The answer should be the lines from the one with "- exact (H x Hx Hd Hq)." through the final line of the entries, restated word for word.

Extracted records:
===============
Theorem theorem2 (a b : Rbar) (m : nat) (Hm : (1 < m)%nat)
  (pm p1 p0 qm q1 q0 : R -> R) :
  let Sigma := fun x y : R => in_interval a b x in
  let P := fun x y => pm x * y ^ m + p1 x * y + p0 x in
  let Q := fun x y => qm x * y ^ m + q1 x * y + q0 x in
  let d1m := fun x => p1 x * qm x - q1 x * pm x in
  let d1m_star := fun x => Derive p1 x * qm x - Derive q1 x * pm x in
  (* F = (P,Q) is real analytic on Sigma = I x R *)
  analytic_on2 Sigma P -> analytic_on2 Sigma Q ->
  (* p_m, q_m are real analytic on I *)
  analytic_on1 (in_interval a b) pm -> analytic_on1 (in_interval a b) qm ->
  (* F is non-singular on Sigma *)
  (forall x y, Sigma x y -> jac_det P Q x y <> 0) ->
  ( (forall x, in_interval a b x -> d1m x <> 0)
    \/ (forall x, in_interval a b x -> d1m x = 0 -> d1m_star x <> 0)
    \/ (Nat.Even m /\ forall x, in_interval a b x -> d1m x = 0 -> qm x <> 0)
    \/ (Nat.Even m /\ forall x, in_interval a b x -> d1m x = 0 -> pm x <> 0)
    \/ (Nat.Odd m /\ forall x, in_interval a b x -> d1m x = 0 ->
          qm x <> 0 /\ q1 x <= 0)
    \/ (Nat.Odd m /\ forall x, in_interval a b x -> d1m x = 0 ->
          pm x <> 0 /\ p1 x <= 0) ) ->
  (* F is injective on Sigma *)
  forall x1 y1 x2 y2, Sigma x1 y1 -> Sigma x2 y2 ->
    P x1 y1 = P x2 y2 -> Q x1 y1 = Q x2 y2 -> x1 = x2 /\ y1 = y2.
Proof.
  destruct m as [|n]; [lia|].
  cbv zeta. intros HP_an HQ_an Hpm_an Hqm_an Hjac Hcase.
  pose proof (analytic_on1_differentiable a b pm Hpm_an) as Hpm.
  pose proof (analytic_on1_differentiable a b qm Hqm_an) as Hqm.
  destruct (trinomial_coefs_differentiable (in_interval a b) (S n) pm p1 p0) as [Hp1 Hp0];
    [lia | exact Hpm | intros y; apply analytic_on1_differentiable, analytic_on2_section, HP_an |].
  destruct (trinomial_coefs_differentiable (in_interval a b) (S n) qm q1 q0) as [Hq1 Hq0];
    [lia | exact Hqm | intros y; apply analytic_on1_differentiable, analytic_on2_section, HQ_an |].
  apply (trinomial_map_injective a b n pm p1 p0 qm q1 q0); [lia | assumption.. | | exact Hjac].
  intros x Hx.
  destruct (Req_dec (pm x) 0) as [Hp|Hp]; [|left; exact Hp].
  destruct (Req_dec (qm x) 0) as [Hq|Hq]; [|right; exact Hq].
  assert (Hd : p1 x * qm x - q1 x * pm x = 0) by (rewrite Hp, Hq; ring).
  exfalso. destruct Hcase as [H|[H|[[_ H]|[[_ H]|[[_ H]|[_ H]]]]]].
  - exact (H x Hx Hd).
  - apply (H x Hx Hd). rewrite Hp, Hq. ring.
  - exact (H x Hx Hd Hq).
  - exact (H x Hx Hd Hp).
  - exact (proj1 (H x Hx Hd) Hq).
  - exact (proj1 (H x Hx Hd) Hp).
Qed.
===============
Output »
  - exact (H x Hx Hd Hq).
  - exact (H x Hx Hd Hp).
  - exact (proj1 (H x Hx Hd) Hq).
  - exact (proj1 (H x Hx Hd) Hp).
Qed.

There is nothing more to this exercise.